| WHAT TO DO |
Write out the data below exactly, beginning with the first line and ending once the line that has "apply: ereal_sup_ubound =>" is written.

━━━ SUPPLIED INFORMATION

Lemma measure_le_ge0_integral D S f : measurable S -> S `<=` D ->
  (forall x, D x -> 0 <= f x) -> (forall x, S x -> 1 <= f x) ->
  mu S <= \int[mu]_(x in D) f x.
Proof.
move=> mS SD f0 f1; rewrite ge0_integralE//.
apply: ereal_sup_ubound => /=; exists (indic_nnsfun R mS); last first.
  by rewrite sintegral_indic.
move=> x /=; rewrite /patch mindicE; case: ifPn => [/[!inE] Dx|].
  by have [Sx|nSx] := pselect (S x); [rewrite mem_set// f1|rewrite memNset// f0].
by rewrite notin_setE => nDx; rewrite memNset//; apply: contra_not nDx; exact: SD.
Qed.

Lemma ge0_integral_eq0 D f : (forall x, D x -> 0 <= f x) ->
  (forall S, measurable S -> S `<=` D `&` [set x | 0 < f x] -> mu S = 0) ->
  \int[mu]_(x in D) f x = 0.
Proof.
move=> f0 null_pos; apply/eqP; rewrite eq_le integral_ge0// andbT ge0_integralE//.
apply: ge_ereal_sup => _ /= [h hf <-].
pose S := h @^-1` `]0%R, +oo[%classic.
have mS : measurable S by rewrite -[S]setTI; exact: (measurable_funP h).
have muS : mu S = 0.
  apply: null_pos => // x; rewrite /S /= in_itv/= andbT => hx; have := hf x.
  rewrite /patch; case: ifPn => [/[!inE] Dx|]; last by rewrite lee_fin leNgt hx.
  by move=> le; split => //; rewrite (lt_le_trans _ le)// lte_fin.
have -> : sintegral mu h = sintegral mu (h \_ setT) by rewrite patch_setT.
rewrite -integral_nnsfun// (ge0_negligible_integral _ _ _ _ muS)//; last 2 first.
- by apply/measurable_EFinP; exact: measurable_funP.
- by move=> x _; rewrite lee_fin.
rewrite integral0_eq// => x [_ nSx]; apply/eqP; rewrite eqe eq_le fun_ge0 andbT.
by rewrite leNgt; apply/negP => hx; apply: nSx; rewrite /S /= in_itv/= andbT.
Qed.

Lemma ge0_le_integral_minorants D f g : (forall x, D x -> 0 <= f x) ->
  (forall x, D x -> f x <= g x) ->
  \int[mu]_(x in D) f x <= \int[mu]_(x in D) g x.
Proof.
move=> f0 fg; have g0 x : D x -> 0 <= g x by move=> Dx; exact: le_trans (f0 _ Dx) (fg _ Dx).
rewrite !ge0_integralE//; apply: ereal_sup_le => _ [h hf <-]; exists h => // x.
apply: le_trans (hf x) _; rewrite /patch; case: ifPn => // /[!inE] Dx; exact: fg.
Qed.

End ge0_integral_minorants.

Section real_facts.
Context {R : realType}.

Lemma cvg_within_dist_lt (A : set R) (t l : R) (f : R -> R) :
  f @ within A (nbhs t) --> l -> forall e, 0 < e ->
  exists2 δ, 0 < δ & forall u, `|t - u| < δ -> A u -> `|l - f u| < e.
Proof.
move=> /cvgrPdist_lt fl e e0; have := fl e e0.
by rewrite /prop_near1 /within /= => /nbhs_ballP[δ /= δ0 Hδ]; exists δ.
Qed.

Lemma exists_rat_between (x y : R) : x < y ->
  exists q : rat, x < ratr q /\ ratr q < y.
Proof. by move=> /rat_in_itvoo[q]; rewrite in_itv /= => /andP[]; exists q. Qed.

Lemma invr_succn_gt0 (k : nat) : 0 < (k.+1%:R^-1 : R).
Proof. by rewrite invr_gt0 ltr0n. Qed.

Lemma within_ge0_continuousP (f : R -> R) :
  {within [set t | 0 <= t], continuous f} ->
  {in `]0, +oo[, continuous f} /\ f x @[x --> 0^'+] --> f 0.
Proof. by move=> fc; apply/continuous_within_itvcyP; rewrite set_itvcy. Qed.

Lemma within_ge0_cvg_right (f : R -> R) :
  {within [set t | 0 <= t], continuous f} ->
  forall t, 0 <= t -> f x @[x --> t^'+] --> f t.
Proof.
move=> /within_ge0_continuousP[fint f0] t; rewrite le_eqVlt => /orP[/eqP<-//|t0].
by apply: cvg_at_right_filter; apply: fint; rewrite in_itv /= t0.
Qed.

Lemma within_ge0_cvg_left (f : R -> R) :
  {within [set t | 0 <= t], continuous f} ->
  forall t, 0 < t -> f x @[x --> t^'-] --> f t.
Proof.
move=> /within_ge0_continuousP[fint _] t t0.
by apply: cvg_at_left_filter; apply: fint; rewrite in_itv /= t0.
Qed.

End real_facts.

Section paths.
Context {R : realType} {d : measure_display} {T : measurableType d}.
Variables (X : R -> T -> R) (b : R -> R).
Hypothesis HX : cadlag X.
Hypothesis Hb : {within [set t : R | 0 <= t], continuous b}.
Local Notation Y := (Yproc X b).

Lemma Yproc_right_dist_lt t w : 0 <= t -> forall e, 0 < e ->
  exists2 δ, 0 < δ & forall u, t <= u < t + δ -> `|Y t w - Y u w| < e.
Proof.
move=> t0 e e0; have e2 : 0 < e / 2 by rewrite divr_gt0.
have [δ1 δ10 HXd] := cvg_within_dist_lt (HX w t0).1 e2.
have [δ2 δ20 Hbd] := cvg_within_dist_lt (within_ge0_cvg_right Hb t0) e2.
exists (Num.min δ1 δ2); first by rewrite lt_min δ10.
move=> u /andP[tu ut]; have [->|tu'] := eqVneq t u; first by rewrite subrr normr0.
have tlu : t < u by rewrite lt_neqAle tu' tu.
have : `|t - u| < Num.min δ1 δ2 by rewrite distrC ger0_norm ?subr_ge0 // ltrBlDl.
rewrite lt_min => /andP[d1 d2]; have hb := Hbd u d2 tlu; have hx := HXd u d1 tlu.
rewrite /Yproc (_ : _ - _ = (X t w - X u w) - (b t - b u)); last by lra.
by rewrite (le_lt_trans (ler_normB _ _))// [e]splitr ltrD.
Qed.

Lemma Yproc_cvg_left t w : 0 < t ->
  (fun s => Y s w) @ t^'- --> leftlim Y t w /\ leftlim X t w = leftlim Y t w + b t.
Proof.
move=> t0; have [_ /(_ t0) [l Xl]] := HX w (ltW t0).
have Yl : (fun s => Y s w) @ t^'- --> l - b t.
  exact: cvgB Xl (within_ge0_cvg_left Hb t0).
by rewrite /leftlim (cvg_lim _ Yl)// (cvg_lim _ Xl)// subrK.
Qed.

Lemma Yproc_left_dist_lt t w : 0 < t -> forall e, 0 < e ->
  exists2 δ, 0 < δ & forall u, t - δ < u < t -> `|leftlim Y t w - Y u w| < e.
Proof.
move=> t0 e e0; have [δ δ0 Hδ] := cvg_within_dist_lt (Yproc_cvg_left w t0).1 e0.
exists δ => // u /andP[tu ut]; apply: Hδ => //.
by rewrite ger0_norm ?subr_ge0 ?ltW// ltrBlDr -ltrBlDl.
Qed.

End paths.

Section rational_crossings.
Context {R : realType} {d : measure_display} {T : measurableType d}.
Variables (X : R -> T -> R) (b : R -> R).
Local Notation Y := (Yproc X b).

Definition jumps_to_zero (w : T) :=
  exists s, [/\ 0 < s, Y s w = 0 & leftlim Y s w < 0].

Definition above_level (k : nat) (u : rat) (w : T) := - k.+1%:R^-1 < Y (ratr u) w.

(* After the rational time p, Y stays at or below -1/(k+1) at rational times
   for a while, and right after the infimum of the rational times where it
   exceeds that level it is within any 1/(j+1) of 0.  Only rational times
   occur, which makes the set measurable. *)
Definition rat_crossing (p : rat) (k : nat) : set T := [set w | 0 <= (ratr p : R) /\
  (exists a : rat, (ratr p : R) < ratr a /\
     forall u : rat, (ratr p : R) < ratr u -> (ratr u : R) < ratr a -> ~ above_level k u w) /\
  forall j : nat, exists v : rat,
    (exists u : rat, (ratr p : R) < ratr u /\ (ratr u : R) < ratr v /\ above_level k u w) /\
    forall u : rat, (ratr p : R) < ratr u ->
      (exists u' : rat, (ratr p : R) < ratr u' /\ (ratr u' : R) < ratr u /\ above_level k u' w) ->
      (ratr u : R) < ratr v -> `|Y (ratr u) w| < j.+1%:R^-1].

Hypothesis HX : cadlag X.
Hypothesis Hb : {within [set t : R | 0 <= t], continuous b}.

Section crossing_time.
Variables (p : rat) (k : nat) (w : T).
Hypothesis crossing : rat_crossing p k w.
Let eps : R := k.+1%:R^-1.

Let S := [set x : R | exists2 u : rat, (ratr p : R) < ratr u /\ above_level k u w & x = ratr u].

Let S_neq0 : S !=set0.
Proof.
have [v [[u [pu [_ Su]]] _]] := crossing.2.2 0%N.
by exists (ratr u); exists u.
Qed.

Let S_lbound : exists2 a, ratr p < a & lbound S a.
Proof.
have [a [pa Ha]] := crossing.2.1; exists (ratr a) => // x [u [pu Su] ->].
by rewrite leNgt; apply/negP => ua; exact: Ha u pu ua Su.
Qed.

Definition crossing_time := inf S.

Let crossing_time_le x : S x -> crossing_time <= x.
Proof. by move=> Sx; apply: ge_inf => //; have [a _ ?] := S_lbound; exists a. Qed.

Lemma crossing_time_gt : ratr p < crossing_time.
Proof. by have [a pa aS] := S_lbound; exact: lt_le_trans pa (lb_le_inf S_neq0 aS). Qed.

Let crossing_time_gt0 : 0 < crossing_time.
Proof. exact: le_lt_trans crossing.1 crossing_time_gt. Qed.

Lemma Yproc_le_before_crossing u : ratr p < u -> u < crossing_time -> Y u w <= - eps.
Proof.
move=> pu us; rewrite leNgt; apply/negP => Hu.
have u0 : 0 <= u by exact: le_trans crossing.1 (ltW pu).
have e0 : 0 < Y u w + eps by rewrite -ltrBlDr sub0r.
have [δ δ0 Hδ] := Yproc_right_dist_lt HX Hb w u0 e0.
have [q [uq qm]] : exists q : rat, u < ratr q /\ ratr q < Num.min (u + δ) crossing_time.
  by apply: exists_rat_between; rewrite lt_min ltrDl δ0 us.
move: qm; rewrite lt_min => /andP[qδ qs].
suff /crossing_time_le : S (ratr q) by rewrite leNgt qs.
exists q => //; split; first exact: lt_trans uq.
have := Hδ (ratr q); rewrite (ltW uq) qδ => /(_ isT).
by rewrite ltr_norml /above_level => /andP[_]; rewrite ltrD2l ltrNl.
Qed.

Lemma leftlim_crossing_le : leftlim Y crossing_time w <= - eps.
Proof.
apply/ler_addgt0Pr => e e0.
have [δ δ0 Hδ] := Yproc_left_dist_lt HX Hb w crossing_time_gt0 e0.
pose m := Num.max (crossing_time - δ) (ratr p); pose u := (m + crossing_time) / 2.
have ms : m < crossing_time by rewrite gt_max crossing_time_gt gtrBl δ0.
have mu : m < u by rewrite /u; lra.
have us : u < crossing_time by rewrite /u; lra.
move: mu; rewrite gt_max => /andP[su pu].
have := Hδ u; rewrite su us => /(_ isT); rewrite ltr_norml => /andP[_ h].
have := Yproc_le_before_crossing pu us; lra.
Qed.

Lemma Yproc_crossing_eq0 : Y crossing_time w = 0.
Proof.
apply/eqP; rewrite -normr_eq0 eq_le normr_ge0 andbT; apply/ler_addgt0Pr => e e0.
have [j Hj] := ltr_add_invr (divr_gt0 e0 (ltr0n _ 2) : 0 < e / 2).
rewrite add0r in Hj.
have [v [[u1 [pu1 [u1v Su1]]] Hv]] := crossing.2.2 j.
have sv : crossing_time < ratr v.
  by apply: le_lt_trans u1v; apply: crossing_time_le; exists u1.
have [δ δ0 Hδ] :=
  Yproc_right_dist_lt HX Hb w (ltW crossing_time_gt0) (invr_succn_gt0 j).
have [q [sq qm]] :
    exists q : rat, crossing_time < ratr q /\ ratr q < Num.min (crossing_time + δ) (ratr v).
  by apply: exists_rat_between; rewrite lt_min ltrDl δ0 sv.
move: qm; rewrite lt_min => /andP[qδ qv].
have [_ [u' [pu' Su'] ->] u'q] := inf_lt S_neq0 sq.
have Yq := Hv q (lt_trans crossing_time_gt sq) (ex_intro _ u' (conj pu' (conj u'q Su'))) qv.
have := Hδ (ratr q); rewrite (ltW sq) qδ => /(_ isT) Hd.
rewrite add0r; apply: ltW.
rewrite -(subrK (Y (ratr q) w) (Y crossing_time w)) (le_lt_trans (ler_normD _ _))//.
set ε := (j.+1%:R^-1 : R) in Hj Yq Hd *; lra.
Qed.

Lemma rat_crossing_jumps_to_zero : jumps_to_zero w.
Proof.
exists crossing_time; split => //; first exact: Yproc_crossing_eq0.
by rewrite (le_lt_trans leftlim_crossing_le)// oppr_lt0 invr_succn_gt0.
Qed.

End crossing_time.

Lemma jumps_to_zero_rat_crossing w : jumps_to_zero w -> exists p k, rat_crossing p k w.
Proof.
move=> [r [r0 Yr Zr]].
have Z2 : 0 < - leftlim Y r w / 2 by rewrite divr_gt0// oppr_gt0.
have [k Hk] := ltr_add_invr Z2; rewrite add0r in Hk.
have [δ δ0 Hδ] := Yproc_left_dist_lt HX Hb w r0 (invr_succn_gt0 k).
have below u : r - δ < u -> u < r -> Y u w < - k.+1%:R^-1.
  move=> h1 h2; have := Hδ u; rewrite h1 h2 => /(_ isT).
  rewrite ltr_norml => /andP[g1 g2]; set ε := (k.+1%:R^-1 : R) in Hk g1 g2 *; lra.
have [p [pm pr]] : exists p : rat, Num.max (r - δ) 0 < ratr p /\ ratr p < r.
  by apply: exists_rat_between; rewrite gt_max r0 gtrBl δ0.
move: pm; rewrite gt_max => /andP[pm1 pm2].
have [a [pa ar]] : exists a : rat, (ratr p : R) < ratr a /\ ratr a < r.
  by apply: exists_rat_between.
exists p, k; split; first exact: ltW.
split.
  exists a; split => // u pu ua Su.
  by have := below _ (lt_trans pm1 pu) (lt_trans ua ar); rewrite ltNge (ltW Su).
move=> j.
have e0 : 0 < Num.min (k.+1%:R^-1) (j.+1%:R^-1 : R) by rewrite lt_min !invr_succn_gt0.
have [δ' δ'0 Hδ'] := Yproc_right_dist_lt HX Hb w (ltW r0) e0.
have [v [rv vd]] : exists v : rat, r < ratr v /\ ratr v < r + δ'.
  by apply: exists_rat_between; rewrite ltrDl.
have near u : r < u -> u < ratr v -> `|Y u w| < Num.min (k.+1%:R^-1) (j.+1%:R^-1 : R).
  move=> h1 h2; have := Hδ' u; rewrite (ltW h1) (lt_trans h2 vd) => /(_ isT).
  by rewrite Yr sub0r normrN.
exists v; split.
  have [u [ru uv]] : exists u : rat, r < ratr u /\ ratr u < (ratr v : R).
    by apply: exists_rat_between.
  exists u; split; first exact: lt_trans pr ru.
  by split => //; have := near _ ru uv; rewrite lt_min ltr_norml => /andP[/andP[]].
move=> u pu [u' [pu' [u'u Su']]] uv.
have ru' : r <= ratr u'.
  rewrite leNgt; apply/negP => u'r.
  by have := below _ (lt_trans pm1 pu') u'r; rewrite ltNge (ltW Su').
by have := near _ (le_lt_trans ru' u'u) uv; rewrite lt_min => /andP[].
Qed.

End rational_crossings.

Section measurable_predicates.
Context {d : measure_display} {T : measurableType d}.
Implicit Types A B : T -> Prop.

Lemma measurable_imp A B : measurable [set w | A w] -> measurable [set w | B w] ->
  measurable [set w | A w -> B w].
Proof.
move=> mA mB; rewrite (_ : [set w | A w -> B w] = ~` [set w | A w] `|` [set w | B w]).
  exact: measurableU (measurableC mA) mB.
apply/seteqP; split => w /=; first by have [Aw /(_ Aw)|] := pselect (A w); [right|left].
by case=> [nA /nA|].
Qed.

Lemma measurable_prop_imp (P : Prop) B : (P -> measurable [set w | B w]) ->
  measurable [set w | P -> B w].
Proof.
have [p|np] := pselect P => mB.
  by rewrite (_ : [set w | P -> B w] = [set w | B w]); [exact: mB|apply/seteqP; split=> w /=; auto].
by rewrite (_ : [set w | P -> B w] = setT)//; apply/seteqP; split=> w //= _ /np.
Qed.

Lemma measurable_prop_and (P : Prop) B : (P -> measurable [set w | B w]) ->
  measurable [set w | P /\ B w].
Proof.
have [p|np] := pselect P => mB.
  by rewrite (_ : [set w | P /\ B w] = [set w | B w]); [exact: mB|apply/seteqP; split=> w /=; [case|]].
by rewrite (_ : [set w | P /\ B w] = set0)//; apply/seteqP; split=> w //= [/np].
Qed.
Lemma upd_pointP (f h : F) i z v :
  h = upd_point f i z v <->
  [/\ forall j, j != i -> f j = h j, forall w, w != z -> f i w = h i w & h i z = v].
Proof.
split=> [-> | [off_i off_z hz]].
  by split=> [j /upd_point_out | w /negbTE wz | ]; rewrite ?upd_point_in ?wz ?eqxx.
apply/ffunP => j; have [-> | ji] := eqVneq j i; last by rewrite upd_point_out ?off_i.
by apply/ffunP => w; rewrite upd_point_in; case: eqVneq => [-> | /off_z].
Qed.

Lemma upd_point_coord_eq (f g : F) i z v j :
  f j = g j -> upd_point f i z v j = upd_point g i z v j.
Proof.
case: (eqVneq j i) => [-> | ji] fg; last by rewrite !upd_point_out.
by apply/ffunP => w; rewrite !upd_point_in fg.
Qed.

Lemma upd_point_id (f : F) i z : upd_point f i z (f i z) = f.
Proof. by symmetry; apply/upd_pointP; split=> // w; rewrite upd_point_in. Qed.

Lemma upd_pointK (f : F) i z v w : upd_point (upd_point f i z v) i z w = upd_point f i z w.
Proof.
apply/upd_pointP; split=> [j ji | y yz |]; rewrite ?upd_point_in ?eqxx //.
  by rewrite !upd_point_out.
by rewrite (negbTE yz).
Qed.

Lemma p_upd_point (f : F) i z v : p i (upd_point f i z v) = p i f.
Proof.
apply: p_local => j Aij; apply: upd_point_out.
by apply: contraTneq Aij => ->; apply: A_irr.
Qed.

Lemma wmul_fbar (f : F) i (s : gT i) :
  wmul f (fbar s) = upd_point f i (p i f) (f i (p i f) * s).
Proof.
apply/ffunP => q; rewrite ffunE; have [-> {q} | qi] := eqVneq q i.
  apply/ffunP => z; rewrite upd_point_in !ffunE dfwith_in ffunE.
  by rewrite [_ == _]wact_on_eq1E; case: eqP => [-> | _]; rewrite ?mulg1.
rewrite upd_point_out //; apply/ffunP => z.
by rewrite !ffunE dfwith_out 1?eq_sym // /wone ffunE ffunE mulg1.
Qed.

Definition retarget (f : F) i (x : forall k, gT k) : F :=
  finfun (fun k => (if A i k then [ffun=> (x k)^-1] else f k) : Fi gT k).

Lemma retarget_out (f : F) i x k : ~~ A i k -> retarget f i x k = f k.
Proof. by rewrite ffunE => /negbTE ->. Qed.

Lemma p_retarget (f : F) i x : p i (retarget f i x) = restr (A i) x.
Proof. by apply/ffunP => -[k Aik]; rewrite !ffunE /= eE ffunE Aik ffunE invgK. Qed.

Variable S : forall i, {set gT i}.
Hypothesis S_gen : forall i, <<S i>> = [set: gT i].

Inductive reach (f : F) : F -> Prop :=
| reach_refl : reach f f
| reach_step h i (s : gT i) : reach f h -> s \in S i -> reach f (wmul h (fbar s)).

Lemma reach_trans f g h : reach f g -> reach g h -> reach f h.
Proof. by move=> fg; elim=> // {}h i s _ IH Ss; apply: reach_step IH Ss. Qed.

Lemma reach_upd_p_word (f : F) i (l : seq (gT i)) : all [in S i] l ->
  reach f (upd_point f i (p i f) (f i (p i f) * \prod_(s <- l) s)).
Proof.
elim: l f => [|s l IH] f /=; first by rewrite big_nil mulg1 upd_point_id; constructor.
case/andP => Ss Sl; apply: reach_trans (reach_step (reach_refl f) Ss) _.
have := IH (upd_point f i (p i f) (f i (p i f) * s)) Sl.
by rewrite wmul_fbar p_upd_point upd_pointK upd_point_in eqxx big_cons mulgA.
Qed.

Lemma reach_upd_p (f : F) i v : reach f (upd_point f i (p i f) v).
Proof.
have : (f i (p i f))^-1 * v \in <<S i>> by rewrite S_gen inE.
case/gen_prodgP => n [c Sc prod_c].
have := @reach_upd_p_word f i [seq c k | k <- enum 'I_n].
rewrite big_map enumT -prod_c mulKVg; apply.
by apply/allP => _ /mapP[k _ ->]; apply: Sc.
Qed.

Definition coord_reach (j : I) :=
  forall f h : F, (forall k, k != j -> f k = h k) -> reach f h.

Lemma reach_agree_off (s : seq I) : {in s, forall j, coord_reach j} ->
  forall f h : F, (forall k, k \notin s -> f k = h k) -> reach f h.
Proof.
elim: s => [|j s IH] s_reach f h fh.
  have -> : f = h by apply/ffunP => k; apply: fh.
  exact: reach_refl.
apply: (@reach_trans _ (upd_coord f (h j))).
  by apply: (s_reach j (mem_head _ _)) => k kj; rewrite upd_coord_out.
apply: IH => [k sk | k]; first by apply: s_reach; rewrite in_cons sk orbT.
have [-> _ | kj sk] := eqVneq k j; first by rewrite upd_coord_in.
by rewrite upd_coord_out // fh // in_cons negb_or kj.
Qed.

Lemma reach_upd_point i : (forall j, A i j -> coord_reach j) ->
  forall (f : F) z v, reach f (upd_point f i z v).
Proof.
move=> above f z v; have [x <-] := restr_surj z.
have reach_off_A (g h : F) : (forall k, ~~ A i k -> g k = h k) -> reach g h.
  move=> gh; apply: (reach_agree_off (s := enum (A i))) => [j | k].
    by rewrite mem_enum; apply: above.
  by rewrite mem_enum; apply: gh.
apply: reach_trans (reach_off_A f (retarget f i x) _) _.
  by move=> k /retarget_out.
rewrite -{1}(p_retarget f i x); apply: reach_trans (reach_upd_p _ v) _.
apply: reach_off_A => k /retarget_out fk.
exact: upd_point_coord_eq.
Qed.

━━━━━━

| PROBLEM SOLUTION |
Lemma measure_le_ge0_integral D S f : measurable S -> S `<=` D ->
  (forall x, D x -> 0 <= f x) -> (forall x, S x -> 1 <= f x) ->
  mu S <= \int[mu]_(x in D) f x.
Proof.
move=> mS SD f0 f1; rewrite ge0_integralE//.
apply: ereal_sup_ubound => /=; exists (indic_nnsfun R mS); last first.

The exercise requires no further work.